Hello! If you follow me or have read my blogs previously you must have an idea how my blogs are all about what I feel. As I take this platform to pour out my feelings, in a hope that even if they sound insane or relatable the people relating to it wouldn't feel alone. If you think whatever you think is absurd then you should know a girl thinks in the same way you do, so you are not alone. In today's blog I want to write about a specific language that we associate with intelligence.
English is a global language and by global language it means that wherever you go you may find someone speaking English so the language wouldn't be a barrier. I haven't been to abroad ever but in our country only we do not think of English as a language, we think of it as everything. No matter how highly educated you are, what all degrees you have if you can't speak English then all your efforts go in vain. If I talk about myself, I have studied in an English medium school, but being a shy and an underconfident kid I always lacked courage to speak the language. I write English, I understand it very well. Also I speak it but while speaking my voice dwindles, as in the back of my mind I continuously doubt myself. I tell myself that I am using the wrong grammar and saying it all wrong. I am still trying to find that courage. I speak in English but with a fear.
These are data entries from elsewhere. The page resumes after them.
(* Two-qubit reduced state of psi obtained by tracing out qubit k
   (k = 0: rho_BC, k = 1: rho_AC, k = 2: rho_AB), as a 4x4 matrix in the
   product basis |x y>, index mxtens_index (x, y). *)
Definition reduced (psi : qstate3) (k : 'I_3) : 'M[C]_(2 * 2) :=
  \matrix_(i, j)
    \sum_(z < 2) amp psi k z (mxtens_unindex i).1 (mxtens_unindex i).2
                 * (amp psi k z (mxtens_unindex j).1 (mxtens_unindex j).2)^*.

Definition corr (rho : 'M[C]_(2 * 2)) (k l : 'I_3) : C :=
  \tr (rho *m (pauli k *t pauli l)).

Definition Ssum (rho : 'M[C]_(2 * 2)) : C :=
  \sum_(k < 3) \sum_(l < 3) corr rho k l ^+ 2.

Definition wootters_mx (rho : 'M[C]_(2 * 2)) : 'M[C]_(2 * 2) :=
  let Y := pauli 1 *t pauli 1 in rho *m Y *m map_mx conjc rho *m Y.

(* c is the Wootters concurrence of rho: lam 0 >= lam 1 >= lam 2 >= lam 3 >= 0
   are the square roots of the eigenvalues (with multiplicity, i.e. the
   roots of the characteristic polynomial) of wootters_mx rho, and
   c = max(0, lam0 - lam1 - lam2 - lam3). *)
Definition is_concurrence (rho : 'M[C]_(2 * 2)) (c : R) : Prop :=
  exists lam : 'I_4 -> R,
    (forall i, 0 <= lam i) /\
    (forall i j : 'I_4, (i <= j)%N -> lam j <= lam i) /\
    char_poly (wootters_mx rho) = \prod_(i < 4) ('X - ((lam i ^+ 2)%:C)%:P) /\
    c = Num.max 0 (lam 0 - lam 1 - lam 2 - lam 3).

End Defs.

From HB Require Import structures.
From mathcomp Require Import all_boot all_order all_algebra.
From mathcomp Require Import complex mxtens.
From mathcomp Require Import ring lra.
Set Implicit Arguments. Unset Strict Implicit. Unset Printing Implicit Defensive.
Import Order.TTheory GRing.Theory Num.Theory.
Local Open Scope ring_scope.
Local Open Scope complex_scope.

(* For a pure three-qubit state, rho = V V^+ with V the 4 x 2 matrix of
   amplitudes, so rho has rank two. With Y = sigma_2 (x) sigma_2 and q the
   determinant of the Gram matrix V^+ V (the one-qubit reduced state of the
   traced-out qubit), the Pauli completeness relations give
     S(rho) = 2 Tr rho^2 + 2 Tr (rho Y rho^T Y) - (Tr rho)^2 = 1 - 4 q + 2 Tr W,
   W the Wootters matrix, and Tr W = sum_i lam_i^2 >= lam_0^2 >= C^2.
   Since W = V (V^+ Y conj V V^T Y), its eigenvalue mu = lam_0^2 is an
   eigenvalue of conj G G for the symmetric G = V^T Y V; take an eigenvector y.
   Then z = y conj G has |z|^2 = mu |y|^2, and u = z V^T, w = conj y V^T satisfy
   u Y w^T = mu |y|^2. The normalised values a = |u|^2 / |z|^2 and
   b = |w|^2 / |y|^2 of the quadratic form of the density matrix V^T conj V
   satisfy a (1 - a), b (1 - b) >= q, and Cauchy-Schwarz gives mu <= a b.
   These force 2 q < mu once mu > 4/9, hence S(rho) > 1. *)

Section SmallSums.
Variable V : nmodType.

Lemma sum_ord2 (F : 'I_2 -> V) : \sum_i F i = F 0 + F 1.
Proof. by rewrite big_ord_recr big_ord1; congr (F _ + F _); apply: val_inj. Qed.

Lemma sum_ord3 (F : 'I_3 -> V) : \sum_i F i = F 0 + F 1 + F 2%:R.
Proof.
by rewrite !big_ord_recr big_ord0 /= add0r; congr (F _ + F _ + F _); apply: val_inj.
Qed.

(* Concrete ordinals rather than the ring numerals of 'I_(2 * 2) keep the
   large expansions below cheap. *)
Lemma sum_ord4 (F : 'I_(2 * 2) -> V) : \sum_i F i =
  F (Ordinal (isT : 0 < 2 * 2)%N) + F (Ordinal (isT : 1 < 2 * 2)%N)
  + F (Ordinal (isT : 2 < 2 * 2)%N) + F (Ordinal (isT : 3 < 2 * 2)%N).
Proof.
by rewrite !big_ord_recr big_ord0 /= add0r; congr (F _ + F _ + F _ + F _); apply: val_inj.
Qed.

Lemma sum_mxtens_index m n (F : 'I_(m * n) -> V) :
  \sum_i F i = \sum_(a < m) \sum_(b < n) F (mxtens_index (a, b)).
Proof.
rewrite (reindex (@mxtens_index m n)) /=; last first.
  by exists (@mxtens_unindex m n) => ? _; rewrite (mxtens_indexK, mxtens_unindexK).
by rewrite pair_big; apply: eq_bigr => -[a b].
Qed.

End SmallSums.

Section ComplexSquaredNorm.
Variable R : rcfType.
Local Notation C := R[i].

(* Locked, so that rewriting with [real_complexD] and the like never opens it. *)
Definition normc2 (z : C) : R := locked (complex.Re z ^+ 2 + complex.Im z ^+ 2).

(* Instances of [rmorphD] etc. stated with the plain functions: the generic
   lemmas leave the bundled morphism in the goal, which [mulcJ_normc2] and
   [conjcK] do not match. *)
Lemma real_complex0 : (0 : R)%:C = 0 :> C. Proof. exact: rmorph0. Qed.
Lemma real_complex1 : (1 : R)%:C = 1 :> C. Proof. exact: rmorph1. Qed.
Lemma real_complexn n : (n%:R : R)%:C = n%:R :> C. Proof. exact: rmorph_nat. Qed.
Lemma real_complexD (x y : R) : (x + y)%:C = x%:C + y%:C :> C. Proof. exact: rmorphD. Qed.
Lemma real_complexB (x y : R) : (x - y)%:C = x%:C - y%:C :> C. Proof. exact: rmorphB. Qed.
Lemma real_complexN (x : R) : (- x)%:C = - x%:C :> C. Proof. exact: rmorphN. Qed.
Lemma real_complexM (x y : R) : (x * y)%:C = x%:C * y%:C :> C. Proof. exact: rmorphM. Qed.
Lemma real_complexX (x : R) n : (x ^+ n)%:C = x%:C ^+ n :> C. Proof. exact: rmorphXn. Qed.
Lemma real_complex_sum I r (P : pred I) (F : I -> R) :
  (\sum_(i <- r | P i) F i)%:C = \sum_(i <- r | P i) (F i)%:C :> C.
Proof. exact: rmorph_sum. Qed.

Lemma conjcB (z w : C) : conjc (z - w) = conjc z - conjc w. Proof. exact: rmorphB. Qed.
Lemma conjcD (z w : C) : conjc (z + w) = conjc z + conjc w. Proof. exact: rmorphD. Qed.
Lemma conjcN (z : C) : conjc (- z) = - conjc z. Proof. exact: rmorphN. Qed.
Lemma conjcM (z w : C) : conjc (z * w) = conjc z * conjc w. Proof. exact: rmorphM. Qed.
Lemma conjc_sum I r (P : pred I) (F : I -> C) :
  conjc (\sum_(i <- r | P i) F i) = \sum_(i <- r | P i) conjc (F i).
Proof. exact: rmorph_sum. Qed.
Lemma rV_conv_of_support_le (A : set 'rV[R]_n) y :
  compact A -> (forall z, exists2 a, A a & b y z <= b a z) -> conv A y.
Proof.
move=> A_compact y_le.
pose K := convn A n.+1.
have K0 : K !=set0.
  have [a0 Aa0 _] := y_le 0.
  exists a0, (fun i => (i == ord0)%:R), (fun=> a0); split => //.
    by rewrite (bigD1 ord0) //= big1 ?addr0 // => i /negbTE ->.
  by rewrite -scaler_suml (bigD1 ord0) //= big1 ?addr0 ?scale1r // => i /negbTE ->.
pose dist2 u := b (y - u) (y - u).
have dist2_cont : continuous dist2.
  have yB : continuous (fun u : 'rV[R]_n => y - u).
    by move=> u; apply: continuousB; [exact: cst_continuous | exact: cvg_id].
  exact: (ip_continuous yB yB).
have K_compact : compact K by exact: compact_convn.
have [p /set_mem Kp p_min] :=
  compact_EVT_min K0 K_compact (continuous_subspaceT dist2_cont).
have p_obtuse a : A a -> b (y - p) (a - p) <= 0.
  move=> Aa; apply: (ip_le0_of_segment_min hb) => t t01.
  have Kt : K (t *: a + (1 - t) *: p) by apply/caratheodory_step/convn_segment.
  have -> : y - p - t *: (a - p) = y - (t *: a + (1 - t) *: p).
    by rewrite scalerBl scale1r scalerBr !opprD !opprK !addrA [y - t *: a - p]addrAC.
  exact/p_min/mem_set.
have [a Aa yp_le] := y_le (y - p).
have : b (y - p) (y - p) <= 0.
  have := p_obtuse a Aa; rewrite (ipBr hb) (ipC hb _ a) (ipC hb _ p) => obtuse.
  by rewrite (ipBl hb); lra.
move=> /(ip_self_le0_eq0 hb)/eqP; rewrite subr_eq0 => /eqP ->.
exact: convn_conv Kp.
Qed.
Lemma apex_matching_uniq i u a b : H (None, i) (Some u, a) -> H (None, i) (Some u, b) -> a = b.
Proof. exact: (DP_cover_matchingr H_cover (isT : join_K1 e None (Some u))). Qed.

(* [ord0] is a junk value, used only when (None, i) has no neighbour in L(u). *)
Definition apex_match (i : 'I_k.+1) (u : V) : 'I_k.+1 :=
  odflt ord0 [pick j | H (None, i) (Some u, j)].

Lemma apex_matchP i u a : H (None, i) (Some u, a) -> a = apex_match i u.
Proof.
rewrite /apex_match; case: pickP => [j Hj|none] Ha /=; first exact: apex_matching_uniq Ha Hj.
by move: (none a); rewrite Ha.
Qed.

(* [lift (apex_match i u)] identifies 'I_k with L(u) minus the matched color. *)
Definition reduced_cover (i : 'I_k.+1) : rel (V * 'I_k) :=
  fun p q => base_cover H (p.1, lift (apex_match i p.1) p.2) (q.1, lift (apex_match i q.1) q.2).

Lemma reduced_cover_DP_cover i : is_DP_cover e (reduced_cover i).
Proof.
case: (base_cover_DP_cover H_cover) => G_sym G_irr G_clique G_edge G_match; split.
- by move=> p q; rewrite /reduced_cover G_sym.
- by move=> p; rewrite /reduced_cover G_irr.
- by move=> u a b ab; rewrite /reduced_cover G_clique // (inj_eq lift_inj).
- by move=> u v a b uv /G_edge; apply.
- move=> u v a euv; apply: leq_trans (G_match u v (lift (apex_match i u) a) euv).
  rewrite -(card_imset _ (@lift_inj _ (apex_match i v))).
  by apply/subset_leq_card/subsetP=> b' /imsetP[b]; rewrite !inE => hb ->.
Qed.

Definition avoid_match_colorings i := [set g : {ffun V -> 'I_k.+1} |
  dp_coloring (base_cover H) g && [forall u, g u != apex_match i u]].

Lemma avoid_match_colorings_sub i : avoid_match_colorings i \subset apex_colorings H i.
Proof.
apply/subsetP=> g; rewrite !inE => /andP[-> /forallP g_avoid] /=.
by apply/forallP=> u; apply: contra (g_avoid u) => /apex_matchP <-.
Qed.

Lemma reduced_colorings_card i :
  #|[set g | dp_coloring (reduced_cover i) g]| <= #|avoid_match_colorings i|.
Proof.
pose F (g : {ffun V -> 'I_k}) := [ffun u => lift (apex_match i u) (g u)].
have F_inj : injective F.
  move=> g1 g2 eqF; apply/ffunP=> u; apply: (@lift_inj _ (apex_match i u)).
  by have := congr1 (fun f : {ffun V -> 'I_k.+1} => f u) eqF; rewrite !ffunE.
rewrite -(card_imset _ F_inj); apply/subset_leq_card/subsetP=> f /imsetP[g].
rewrite !inE => /forallP g_col ->; apply/andP; split.
  by apply/forallP=> x; apply/forallP=> y; rewrite !ffunE; apply: (forallP (g_col x)).
by apply/forallP=> u; rewrite ffunE eq_sym neq_lift.
Qed.

Lemma reduced_full_match i u v a : full_cover e (reduced_cover i) -> e u v ->
  a != apex_match i u -> exists2 b, b != apex_match i v & H (Some u, a) (Some v, b).
Proof.
move=> /forallP/(_ u)/forallP/(_ v)/implyP/(_ _)/forallP full euv.
case: (unliftP (apex_match i u) a) => [a' ->|->]; last by rewrite eqxx.
move=> _; have /existsP[b' hb'] := full euv a'.
by exists (lift (apex_match i v) b'); [rewrite eq_sym neq_lift | exact: hb'].
Qed.

Variables (c pG : nat).
Hypotheses (col_c : col_ordering_ok e c) (ck : c < k)
  (pG_min : forall h : rel (V * 'I_k), is_DP_cover e h -> pG <= DP_count h).

Lemma avoid_match_colorings_card i : pG <= #|avoid_match_colorings i|.
Proof.
apply: leq_trans (reduced_colorings_card i); have := reduced_cover_DP_cover i.
by move=> h_cover; rewrite -DP_countE; [apply: pG_min | case: h_cover].
Qed.

Lemma apex_colorings_card i : pG <= #|apex_colorings H i|.
Proof.
exact: leq_trans (avoid_match_colorings_card i) (subset_leq_card (avoid_match_colorings_sub i)).
Qed.

Lemma apex_colorings_card_unmatched i u : (forall j, ~~ H (None, i) (Some u, j)) ->
  pG + (k - c) ^ (#|V| - 1) <= #|apex_colorings H i|.
Proof.
move=> u_unmatched; case: e_simple => e_sym _.
have G_cover := base_cover_DP_cover H_cover.
pose g0 : {ffun V -> 'I_k.+1} := [ffun=> apex_match i u].
pose A z := [set a | ~~ H (None, i) (Some z, a)].
pose T := [set g | dp_coloring (base_cover H) g &&
  [forall z, if z \in [:: u] then g z == g0 z else g z \in A z]].
have T_card : (k - c) ^ (#|V| - 1) <= #|T|.
  apply: (list_colorings_card e_sym G_cover _ col_c) => // [z z'|z _].
    by rewrite !inE => /eqP-> /eqP->; case: G_cover => _ G_irr _ _ _; rewrite G_irr.
  set S := [set a | H (None, i) (Some z, a)].
  have -> : A z = ~: S by apply/setP=> a; rewrite !inE.
  have S_le1 : #|S| <= 1 by case: H_cover => _ _ _ _ H_match; apply: H_match.
  by rewrite cardsCs setCK card_ord /=; move: #|S| S_le1 ck => n; lia.
have disjoint : avoid_match_colorings i :&: T = set0.
  apply/setP=> g; rewrite !inE; apply/negP.
  case/andP=> /andP[_ /forallP g_avoid] /andP[_ /forallP g_u].
  by move: (g_avoid u) (g_u u); rewrite mem_seq1 eqxx ffunE => /negPf->.
have sub : avoid_match_colorings i :|: T \subset apex_colorings H i.
  rewrite subUset avoid_match_colorings_sub; apply/subsetP=> g; rewrite !inE.
  case/andP=> -> /forallP g_A; apply/forallP=> z; move: (g_A z); rewrite mem_seq1.
  by case: eqP => [-> /eqP-> | _]; rewrite ?ffunE ?inE.
apply: leq_trans (subset_leq_card sub).
by rewrite cardsU disjoint cards0 subn0 leq_add // avoid_match_colorings_card.
Qed.

Lemma apex_colorings_card_not_full i : ~~ full_cover e (reduced_cover i) ->
  pG + (k - c - 1) ^ (#|V| - 2) <= #|apex_colorings H i|.
Proof.
move=> not_full; apply: leq_trans (subset_leq_card (avoid_match_colorings_sub i)).
apply: leq_trans (reduced_colorings_card i).
exact: DP_colorings_card_not_full (reduced_cover_DP_cover i) col_c ck pG_min not_full.
Qed.

End ApexMatching.

Section FullApexMatchings.
Variables (V : finType) (e : rel V) (k : nat) (H : rel (option V * 'I_k.+1)).
Hypotheses (e_simple : simple_graph e) (H_cover : is_DP_cover (join_K1 e) H).
Hypothesis apex_total : forall i u, exists j, H (None, i) (Some u, j).

Lemma apex_match_edge i u : H (None, i) (Some u, apex_match H i u).
Proof. by have [j Hj] := apex_total i u; rewrite -(apex_matchP H_cover Hj). Qed.

Lemma apex_match_inj u : injective (apex_match H ^~ u).
Proof.
case: e_simple => e_sym _; move=> i j /= eq_ij.
apply: (DP_cover_matchingl (join_K1_sym e_sym) H_cover (isT : join_K1 e None (Some u))).
  exact: apex_match_edge.
by rewrite eq_ij; apply: apex_match_edge.
Qed.

Lemma apex_match_onto u b : exists i, b = apex_match H i u.
Proof.
by have /codomP[i ->] := inj_card_onto (@apex_match_inj u) (leqnn _) b; exists i.
Qed.

Hypotheses (k_gt1 : 1 < k)
  (full_pair : forall i j, i != j ->
     full_cover e (reduced_cover H i) || full_cover e (reduced_cover H j)).

Lemma apex_match_adjacent l u v : e u v ->
  H (Some u, apex_match H l u) (Some v, apex_match H l v).
Proof.
case: e_simple => e_sym _; move=> euv.
have evu : e v u by rewrite e_sym.
have match_neq i j w : i != j -> apex_match H i w != apex_match H j w.
  by rewrite (inj_eq (@apex_match_inj w)).
have [l' l'l full_l'] : exists2 l', l' != l & full_cover e (reduced_cover H l').
  have : 1 < #|predC1 l| by rewrite cardC1 card_ord.
  case/card_gt1P=> i [j [il jl ij]].
  by case/orP: (full_pair ij) => ?; [exists i | exists j].
rewrite eq_sym in l'l; have [b _ hb] := reduced_full_match full_l' euv (match_neq _ _ u l'l).
have [y def_b] := apex_match_onto v b; rewrite {b}def_b in hb.
case: (eqVneq y l) hb => [-> //|yl hb].
case/orP: (full_pair yl) => [full_y | full_l].
- rewrite eq_sym in yl.
  have [b' b'y hb'] := reduced_full_match full_y euv (match_neq _ _ u yl).
  by rewrite (DP_cover_matchingr H_cover (euv : join_K1 e (Some u) (Some v)) hb hb') eqxx in b'y.
- have [a' a'l ha'] := reduced_full_match full_l evu (match_neq _ _ v yl).
  case: H_cover => H_sym _ _ _ _; rewrite H_sym in hb.
  by rewrite (DP_cover_matchingr H_cover (evu : join_K1 e (Some v) (Some u)) hb ha') eqxx in a'l.
Qed.
(* Let $T=\mathbb{R}^k/\mathbb{Z}^k$, let $m$ and $C$ be natural numbers, and let $\Lambda\leq T[m]$ be a subgroup with $[T[m]:\Lambda]\leq C$. Then there is a natural number $m'$ satisfying $m'\geq m/C!$ and $T[m']\leq\Lambda$.
   Context: For a natural number $m$, $T[m]$ denotes the $m$-torsion subgroup of $T$. *)

From HB Require Import structures.
From mathcomp Require Import all_boot all_order all_algebra.
From mathcomp Require Import reals.
Set Implicit Arguments. Unset Strict Implicit. Unset Printing Implicit Defensive.
Import Order.TTheory GRing.Theory Num.Theory.
Local Open Scope ring_scope.

(* The torus T = R^k / Z^k is handled through representatives in R^k:
   a subset of T is encoded by its preimage in R^k (a Z^k-invariant subset),
   subgroups of T correspond exactly to subgroups of R^k containing Z^k. *)

Definition lattice_pt (R : realType) (k : nat) (x : 'rV[R]_k) : Prop :=
  forall i, x ord0 i \is a Num.int.

(* preimage in R^k of the m-torsion subgroup T[m] = {t in T | m t = 0} *)
Definition torsion (R : realType) (k m : nat) (x : 'rV[R]_k) : Prop :=
  lattice_pt (x *+ m).

Definition torus_subgroup (R : realType) (k : nat) (L : 'rV[R]_k -> Prop) : Prop :=
  (forall x, lattice_pt x -> L x) /\ (forall x y, L x -> L y -> L (x - y)).

(* [T[m] : L] <= C, for L <= T[m]: T[m] is covered by at most C cosets of L *)
Definition torsion_index_le (R : realType) (k m : nat)
  (L : 'rV[R]_k -> Prop) (C : nat) : Prop :=
  exists s : seq 'rV[R]_k, (size s <= C)%N /\
    forall x, torsion m x -> exists2 c, c \in s & L (x - c).

From HB Require Import structures.
From mathcomp Require Import all_boot all_order all_algebra.
From mathcomp Require Import reals.
From mathcomp Require boolp.
From mathcomp Require Import ring.

Set Implicit Arguments.
Unset Strict Implicit.
Unset Printing Implicit Defensive.
Import Order.TTheory GRing.Theory Num.Theory.
Local Open Scope ring_scope.

(* Among the C + 1 multiples 0, x, ..., C x of a point x of T[m], two lie in
   the same coset of L, so d x lies in L for some 0 < d <= C, and hence so
   does C! x.  Thus L contains C! T[m], which is T[m'] for m' = m / gcd(m, C!)
   by Bezout, and m' >= m / C!. *)

Lemma pigeonhole_iota (T : eqType) (f : nat -> T) (s : seq T) (n : nat) :
  (size s <= n)%N -> (forall i, f i \in s) ->
  exists i j, (i < j <= n)%N /\ f i = f j.
Proof.
move=> size_s f_s; set t := [seq f i | i <- iota 0 n.+1].
have : ~~ uniq t.
  apply: contraTN size_s => uniq_t; rewrite -ltnNge.
  have := uniq_leq_size uniq_t (_ : {subset t <= s}).
  by rewrite size_map size_iota; apply=> _ /mapP[i _ ->].
case/(uniqPn (f 0%N)) => i [j [lt_ij]]; rewrite size_map size_iota => lt_jn.
have lt_in := ltn_trans lt_ij lt_jn.
rewrite !(nth_map 0%N) ?size_iota // !nth_iota // !add0n => fij.
by exists i, j; rewrite lt_ij.
Qed.

Section Lattice.
Variables (R : realType) (k : nat).
Implicit Types (x y : 'rV[R]_k).

Lemma lattice_ptZ (z : int) x : lattice_pt x -> lattice_pt (z%:~R *: x).
Proof. by move=> x_lat i; rewrite mxE rpredM ?rpred_int. Qed.

Lemma lattice_ptMn (n : nat) x : lattice_pt x -> lattice_pt (x *+ n).
Proof. by rewrite -scaler_nat -[n%:R]/((n%:Z)%:~R); apply: lattice_ptZ. Qed.

Lemma torsionMn (m n : nat) x : torsion m x -> torsion m (x *+ n).
Proof. by rewrite /torsion -mulrnA mulnC mulrnA; apply: lattice_ptMn. Qed.

(* With u m + v n = gcd(m, n), the preimage of y under multiplication by n
   is (v / gcd(m, n)) y, up to the lattice point u (m / gcd(m, n)) y. *)
Lemma torsion_divn_gcd_Mn (m n : nat) y : (0 < n)%N ->
  torsion (m %/ gcdn m n) y -> exists2 x, torsion m x & lattice_pt (y - x *+ n).
Proof.
move=> n_gt0 y_tor; set g := gcdn m n; set m' := (m %/ g)%N.
have g_neq0 : g%:R != 0 :> R by rewrite pnatr_eq0 -lt0n gcdn_gt0 n_gt0 orbT.
have m_eq : m%:R = m'%:R * g%:R :> R by rewrite -natrM divnK ?dvdn_gcdl.
have [u [v]] := Bezoutz m n; rewrite /gcdz !absz_nat -/g => bezout.
have {}bezout : u%:~R * m%:R + v%:~R * n%:R = g%:R :> R.
  by rewrite -[RHS]/((g%:Z)%:~R) -bezout intrD !intrM.
exists ((v%:~R / g%:R) *: y).
  rewrite /torsion -scaler_nat scalerA.
  have -> : m%:R * (v%:~R / g%:R) = v%:~R * m'%:R :> R by rewrite m_eq; field.
  by rewrite -scalerA scaler_nat; apply: lattice_ptZ.
rewrite -scaler_nat scalerA.
have -> : n%:R * (v%:~R / g%:R) = 1 - u%:~R * m'%:R :> R.
  by rewrite -[X in X - _](divff g_neq0) -[X in X / _ - _]bezout m_eq; field.
by rewrite scalerBl scale1r opprB addrC subrK -scalerA scaler_nat; apply: lattice_ptZ.
Qed.

Variable L : 'rV[R]_k -> Prop.
Hypothesis L_subgroup : torus_subgroup L.

Lemma torus_subgroup0 : L 0.
Proof. by apply: L_subgroup.1 => i; rewrite mxE. Qed.

Lemma torus_subgroupB x y : L x -> L y -> L (x - y).
Proof. exact: L_subgroup.2. Qed.

Lemma torus_subgroupD x y : L x -> L y -> L (x + y).
Proof.
move=> Lx Ly; rewrite -[y]opprK -[- y]sub0r.
by apply: torus_subgroupB => //; apply: torus_subgroupB => //; apply: torus_subgroup0.
Qed.

Lemma torus_subgroupMn x (n : nat) : L x -> L (x *+ n).
Proof.
move=> Lx; elim: n => [|n IHn]; first by rewrite mulr0n; apply: torus_subgroup0.
by rewrite mulrS; apply: torus_subgroupD.
Qed.

Lemma torsion_index_le_multiple (m C : nat) x :
  torsion_index_le m L C -> torsion m x -> exists2 d, (0 < d <= C)%N & L (x *+ d).
Proof.
move=> [s [size_s cover]] x_tor.
have coset_rep i : exists c, c \in s /\ L (x *+ i - c).
  by have [c] := cover _ (torsionMn i x_tor); exists c.
have [f f_coset] := boolp.choice coset_rep.
have [i [j [/andP[lt_ij le_jC] fij]]] :=
  pigeonhole_iota size_s (fun i => (f_coset i).1).
exists (j - i)%N; first by rewrite subn_gt0 lt_ij (leq_trans (leq_subr _ _)).
have := torus_subgroupB (f_coset j).2 (f_coset i).2.
by rewrite fij opprB addrA subrK -mulrnBr // ltnW.
Qed.

Lemma torsion_index_le_fact (m C : nat) x :
  torsion_index_le m L C -> torsion m x -> L (x *+ C`!).
Proof.
move=> index_le x_tor.
have [d /dvdn_fact d_fact Lxd] := torsion_index_le_multiple index_le x_tor.
by rewrite -(divnK d_fact) mulnC mulrnA; apply: torus_subgroupMn.
Qed.

End Lattice.

Lemma ler_divn_gcd (R : realType) (m n : nat) : (0 < n)%N ->
  m%:R / n%:R <= (m %/ gcdn m n)%:R :> R.
Proof.
move=> n_gt0; rewrite ler_pdivrMr ?ltr0n // -natrM ler_nat.
by rewrite -{1}(divnK (dvdn_gcdl m n)) leq_mul2l dvdn_leq ?dvdn_gcdr ?orbT.
Qed.

Theorem lemma3p12 (R : realType) (k m C : nat) (L : 'rV[R]_k -> Prop) :
  torus_subgroup L ->
  (forall x, L x -> torsion m x) ->
  torsion_index_le m L C ->
  exists m' : nat, (m%:R / (C`!)%:R <= m'%:R :> R) /\
    (forall x, torsion m' x -> L x).
Proof.
move=> L_subgroup _ index_le; exists (m %/ gcdn m C`!)%N.
split; first exact: ler_divn_gcd (fact_gt0 C).
move=> y /(torsion_divn_gcd_Mn (fact_gt0 C)) [x x_tor y_lat].
rewrite -(subrK (x *+ C`!) y).
apply: torus_subgroupD => //; first exact: L_subgroup.1.
exact: torsion_index_le_fact x_tor.
Qed.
So lately I came to know that my friends call me dumb, they don't care about my marks, they don't care about how good I am in things, I stammer while speaking English so I am a dumb person. Though I am constantly praised for the work I do in office, but being called a dumb person because of the lack of courage really broke my heart. How cute we find foreigners when they speak Hindi, because we understand that Hindi isn't their first language. Then English also isn't mine still I speak it better than most of the people but I am called a dumb. So I am a dumb person for not knowing someone else's language? Who is dumb here? I speak, read write my mother tongue very well. I believe shame is when I don't know my own roots. I am practicing and will reach a point someday when my confidence will say it all, but I really feel bad for my so called friends.